Мне неинтересно счастье человечества, гораздо больше меня заботит счастье каждого из людей.
— Борис Виан —
Альба рассказала, что мой обморок вызвал в классе страшный переполох. По правде говоря, первым делом все подумали, что я умер. Падал я, как выяснилось, достаточно эффектно — лицом вниз, — к тому же довольно ощутимо ударился головой об пол.

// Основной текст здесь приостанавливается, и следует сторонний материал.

Definition parent_uniqueb e := [forall w, #|[set v | (v, w) \in e]| == 1%N].

Lemma parent_uniqueP e : reflect (parent_unique e) (parent_uniqueb e).
Proof. by apply: (iffP forallP) => H w; apply/eqP; exact: H. Qed.

Definition parent e (w : 'I_(X n.+1)) := [pick v | (v, w) \in e].

Lemma parentP e v w : parent_uniqueb e -> (parent e w == Some v) = ((v, w) \in e).
Proof.
move=> /forallP /(_ w) /cards1P [v0 par_w].
have mem_par u : ((u, w) \in e) = (u == v0).
  by move/setP: par_w => /(_ u); rewrite !inE.
rewrite /parent; case: pickP => [u|/(_ v0)]; last by rewrite mem_par eqxx.
by rewrite !mem_par => /eqP ->; apply/eqP/eqP => [[->]|->].
Qed.

Lemma parent_exists e w : parent_uniqueb e -> parent e w != None.
Proof.
move=> /forallP /(_ w) /cards1P [v0 par_w]; rewrite /parent.
case: pickP => // /(_ v0); move/setP: par_w => /(_ v0).
by rewrite !inE eqxx => ->.
Qed.

Definition children e (v : 'I_(X n)) := [set w | (v, w) \in e].

Lemma children_relabel p q e v :
  children (relabel_edges p q e) v = q @: children e ((p^-1)%g v).
Proof.
apply/setP => w; rewrite inE mem_relabel_edges.
by rewrite -[in RHS](permKV q w) mem_imset ?inE //; exact: perm_inj.
Qed.

Lemma outdeg_relabel p q e :
  outdeg (relabel_edges p q e) = [ffun v => outdeg e ((p^-1)%g v)].
Proof.
apply/ffunP => v; rewrite !ffunE -[LHS]/#|children _ v| children_relabel.
by rewrite card_imset //; exact: perm_inj.
Qed.

Lemma parent_unique_relabel p q e :
  parent_uniqueb e -> parent_uniqueb (relabel_edges p q e).
Proof.
move=> /forallP pu_e; apply/forallP => w.
have -> : [set v | (v, w) \in relabel_edges p q e] =
          p @: [set v | (v, (q^-1)%g w) \in e].
  apply/setP => v; rewrite inE mem_relabel_edges.
  by rewrite -{2}(permKV p v) mem_imset ?inE //; exact: perm_inj.
by rewrite card_imset //; exact: perm_inj.
Qed.

(* Distinct parents have disjoint, hence distinct nonempty, sets of children. *)
Lemma children_inj e : parent_uniqueb e ->
  {in [set v | children e v != finset.set0] &, injective (children e)}.
Proof.
move=> pu_e v1 v2; rewrite inE => /set0Pn [w w1] _ eq12.
have w2 : w \in children e v2 by rewrite -eq12.
rewrite !inE -!(parentP _ _ pu_e) in w1 w2.
by move: w1 w2 => /eqP -> /eqP [].
Qed.

Lemma sibshipE e :
  sibship e = children e @: [set v | children e v != finset.set0].
Proof.
apply/setP => S; rewrite [LHS]inE; apply/andP/imsetP.
  move=> [S0 /imsetP [v _ eqS]]; exists v => //.
  by rewrite inE -[children e v]/[set w | (v, w) \in e] -eqS; rewrite finset.in_set1 in S0.
by move=> [v]; rewrite inE => v0 ->; rewrite finset.in_set1 v0; split => //; exact: imset_f.
Qed.

Lemma card_children_fiber e S : parent_uniqueb e ->
  #|[set v | children e v == S]| =
  if S == finset.set0 then (X n - #|sibship e|)%N else (S \in sibship e : nat).
Proof.
move=> pu_e.
have card_sib : #|sibship e| = #|[set v | children e v != finset.set0]|.
  by rewrite sibshipE card_in_imset //; exact: children_inj.
case: eqP => [->|/eqP S0].
  transitivity (#|'I_(X n)| - #|sibship e|)%N; last by rewrite card_ord.
  rewrite -(cardsC [set v | children e v == finset.set0]) card_sib.
  rewrite (_ : ~: _ = [set v | children e v != finset.set0]) ?addnK //.
  by apply/setP => v; rewrite !inE.
case: (boolP (S \in sibship e)) => [|Sn] /=.
  rewrite sibshipE => /imsetP [v0 v0n ->]; apply/eqP/cards1P; exists v0.
  apply/setP => v; rewrite !inE; apply/eqP/eqP => [eqv|->] //.
  apply: (children_inj pu_e) => //.
  by rewrite inE eqv; rewrite inE in v0n.
apply/eqP; rewrite cards_eq0; apply/eqP/setP => v; rewrite !inE.
by apply: contraNF Sn => /eqP eqS; rewrite -eqS sibshipE imset_f // inE eqS.
Qed.

Lemma sibship_relabel p q e :
  sibship (relabel_edges p q e) = relabel_part q (sibship e).
Proof.
apply/setP => S; rewrite /relabel_part !sibshipE; apply/imsetP/imsetP.
  move=> [v]; rewrite inE children_relabel imset_eq0 => v0 ->.
  by exists (children e ((p^-1)%g v)); rewrite // imset_f // inE.
move=> [T /imsetP [u]]; rewrite inE => u0 -> ->.
by exists (p u); rewrite ?inE children_relabel permK ?imset_eq0.
Qed.

Lemma outdeg_orbit b b' : parent_uniqueb b -> parent_uniqueb b' ->
  outdeg b = outdeg b' -> exists r, relabel_edges 1%g r b = b'.
Proof.
move=> pu_b pu_b' eq_deg.
have fibE c v : parent_uniqueb c ->
    [set w | parent c w == Some v] = children c v.
  by move=> pu_c; apply/setP => w; rewrite !inE parentP.
have fib0 c : parent_uniqueb c -> [set w | parent c w == None] = finset.set0.
  by move=> pu_c; apply/setP => w; rewrite !inE (negbTE (parent_exists _ pu_c)).
have [|r par_r] := @fiber_perm _ _ (parent b) (parent b').
  case=> [v|]; last by rewrite !fib0.
  by rewrite !fibE //; move/ffunP: eq_deg => /(_ v); rewrite !ffunE.
exists r; apply/setP => -[x y]; rewrite mem_relabel_edges invg1 perm1.
by rewrite -!parentP // -(par_r ((r^-1)%g y)) permKV.
Qed.

Lemma sibship_orbit b b' : parent_uniqueb b -> parent_uniqueb b' ->
  sibship b = sibship b' -> exists r, relabel_edges r 1%g b = b'.
Proof.
move=> pu_b pu_b' eq_sib.
have [|r ch_r] := @fiber_perm _ _ (children b) (children b').
  by move=> S; rewrite !card_children_fiber // eq_sib.
exists r; apply/setP => -[x y]; rewrite mem_relabel_edges invg1 perm1.
by have := ch_r ((r^-1)%g x); rewrite permKV => /setP /(_ y); rewrite !inE => ->.
Qed.

(* For a
   genealogy [a] it depends on [a] and [p] only through the out-degree vector
   of [relabel_edges p 1 a], which is what [outdeg_count] records. *)
Definition child_count p a e : nat :=
  \sum_(q : {perm 'I_(X n.+1)}) (relabel_edges p q a == e).

Definition outdeg_count (f : {ffun 'I_(X n) -> nat}) e : nat :=
  if [pick b | parent_uniqueb b && (outdeg b == f)] is Some b
  then child_count 1%g b e else 0.

Lemma child_countE p a e : parent_uniqueb a ->
  child_count p a e = outdeg_count [ffun v => outdeg a ((p^-1)%g v)] e.
Proof.
move=> pu_a; rewrite /outdeg_count; case: pickP => [b /andP [pu_b /eqP deg_b]|].
  have [|r eq_r] := outdeg_orbit pu_b (parent_unique_relabel p 1%g pu_a).
    by rewrite deg_b outdeg_relabel.
  rewrite /child_count [RHS](reindex_inj (mulgI r)); apply: eq_bigr => q _.
  have -> : relabel_edges p q a = relabel_edges 1 q (relabel_edges p 1 a).
    by rewrite relabel_edgesM mulg1 mul1g.
  by rewrite -eq_r relabel_edgesM mulg1.
by move=> /(_ (relabel_edges p 1%g a)); rewrite parent_unique_relabel // outdeg_relabel eqxx.
Qed.

(* Symmetrically, the number of parent relabellings [p] with
   [relabel_edges p q a = e] only depends on the sibship partition of
   [relabel_edges 1 q a]. *)
Definition parent_count q a e : nat :=
  \sum_(p : {perm 'I_(X n)}) (relabel_edges p q a == e).

Definition sibship_count (B : {set {set 'I_(X n.+1)}}) e : nat :=
  if [pick b | parent_uniqueb b && (sibship b == B)] is Some b
  then parent_count 1%g b e else 0.

Lemma parent_countE q a e : parent_uniqueb a ->
  parent_count q a e = sibship_count (relabel_part q (sibship a)) e.
Proof.
move=> pu_a; rewrite /sibship_count; case: pickP => [b /andP [pu_b /eqP sib_b]|].
  have [|r eq_r] := sibship_orbit pu_b (parent_unique_relabel 1%g q pu_a).
    by rewrite sib_b sibship_relabel.
  rewrite /parent_count [RHS](reindex_inj (mulgI r)); apply: eq_bigr => p _.
  have -> : relabel_edges p q a = relabel_edges p 1 (relabel_edges 1 q a).
    by rewrite relabel_edgesM mulg1 mul1g.
  by rewrite -eq_r relabel_edgesM mulg1.
by move=> /(_ (relabel_edges 1%g q a)); rewrite parent_unique_relabel // sibship_relabel eqxx.
Qed.

(* Out-degrees are at most [X n.+1], so the out-degree vector can be seen as a
   statistic with values in a finite type. *)
Definition outdeg_fin e : {ffun 'I_(X n) -> 'I_(X n.+1).+1} :=
  [ffun v => inord (outdeg e v)].

Definition fin_outdeg (g : {ffun 'I_(X n) -> 'I_(X n.+1).+1}) : {ffun 'I_(X n) -> nat} :=
  [ffun v => g v : nat].

Lemma outdeg_finK e : fin_outdeg (outdeg_fin e) = outdeg e.
Proof.
apply/ffunP => v; rewrite !ffunE inordK // ltnS.
by rewrite (leq_trans (max_card _)) // card_ord.
Qed.

Lemma outdeg_finE e g : (outdeg_fin e == g) = (outdeg e == fin_outdeg g).
Proof.
have fin_inj : injective fin_outdeg.
  by move=> g1 g2 /ffunP eq12; apply/ffunP => v; have := eq12 v; rewrite !ffunE => /val_inj.
by rewrite -outdeg_finK (inj_eq fin_inj).
Qed.

End Relabel.

Local Open Scope classical_set_scope.
Local Open Scope ring_scope.

Section RealProbability.
Variables (d : measure_display) (Omega : measurableType d) (R : realType)
  (P : probability Omega R).

(* Probabilities are finite, so we compute with their real values. *)
Definition pr (A : set Omega) : R := fine (P A).

Lemma prE A : measurable A -> P A = (pr A)%:E.
Proof. by move=> mA; rewrite /pr fineK //; exact: fin_num_measure. Qed.

Lemma pr0 : pr set0 = 0.
Proof. by rewrite /pr measure0. Qed.

Lemma prT : pr setT = 1.
Proof. by rewrite /pr probability_setT. Qed.

Lemma pr_indep A B : measurable A -> measurable B ->
  P (A `&` B) = (P A * P B)%E -> pr (A `&` B) = pr A * pr B.
Proof. by move=> mA mB h; apply: EFin_inj; rewrite EFinM -!prE //; exact: measurableI. Qed.

Section FiniteValued.
Variables (T : finType) (Z : Omega -> T).
Hypothesis mZ : forall t, measurable [set w | Z w = t].

Lemma measurable_mem (r : seq T) : measurable [set w | Z w \in r].
Proof.
elim: r => [|t r IH].
  by rewrite (_ : [set w | Z w \in [::]] = set0) //; apply/seteqP; split => w.
rewrite (_ : [set w | Z w \in t :: r] = [set w | Z w = t] `|` [set w | Z w \in r]).
  exact: measurableU.
apply/seteqP; split => w /=; rewrite inE.
  by case/orP => [/eqP ->|H]; [left|right].
by case => [->|->]; rewrite ?eqxx ?orbT.
Qed.

Lemma measurable_pred (S : pred T) : measurable [set w | S (Z w)].
Proof.
rewrite (_ : [set w | S (Z w)] = [set w | Z w \in seq.filter S (enum T)]).
  exact: measurable_mem.
by apply/seteqP; split => w /=; rewrite mem_filter mem_enum andbT.
Qed.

Увидев меня лежащим ничком и совершенно неподвижно, учительница чуть было не последовала моему примеру. Чтобы она не упала, двое наших ребят подхватили ее под руки и усадили на стул.
Естественно, сразу же вызвали «скорую». Врач пощупал мне пульс, послушал стетоскопом и сказал, что не видит необходимости везти меня в больницу. По его словам получалось, что я не то чтобы окончательно потерял сознание, скорее был в состоянии, близком к бреду.
Кто-то позвонил моему отцу, и тот отвез меня домой. Проспал я после этих событий долго, чуть ли не двенадцать часов. Теперь я, значит, лежу в своей постели практически голый, а со мной рядом сидит замечательная девушка, которая к тому же уже успела открыть шампанское и теперь разливает его по бокалам.
— А тебе от шампанского хуже не будет? — спросила Альба, когда мы чокнулись с нею первый раз за мое здоровье.
Я сделал хороший глоток, чтобы ощутить приятный сладковатый вкус холодного шампанского, и лишь затем ответил:
— Скорее наоборот, несколько пузырьков не помешают. Может быть, именно благодаря им у меня на душе не будет так тяжело.
— Смотри, напьешься — хулиганить начнешь.
— Ну и что? В конце концов, сегодня у меня день рождения. Если уж даже мой отец уехал куда-то, оставив нас одних, то, судя по всему, он считает, что это должно случиться.
— Что ты хочешь сказать? Какое событие должно случиться? — спросила Альба, просто впившись в меня взглядом.
— А что тут непонятного? — переспросил я ее. — Мы одни в доме, у меня сегодня день рождения. Мы сидим на моей кровати и пьем шампанское. Отец, скорее всего, вернется далеко за полночь. Учитывая все вышеизложенное, я считаю, что сценарий сегодняшнего вечера написан абсолютно прозрачно и недвусмысленно.
Румянец, проступивший на щеках Альбы, мгновенно сорвал с нее маску роковой соблазнительницы. Она, по- моему, несколько торопливее, чем нужно, осушила свой бокал, подлила шампанского себе и мне.
Лишь затем, вновь напустив на себя беззаботный и даже несколько развязный вид, Альба поинтересовалась:
— Что же, по-твоему, должно произойти? Чего ты сам хочешь?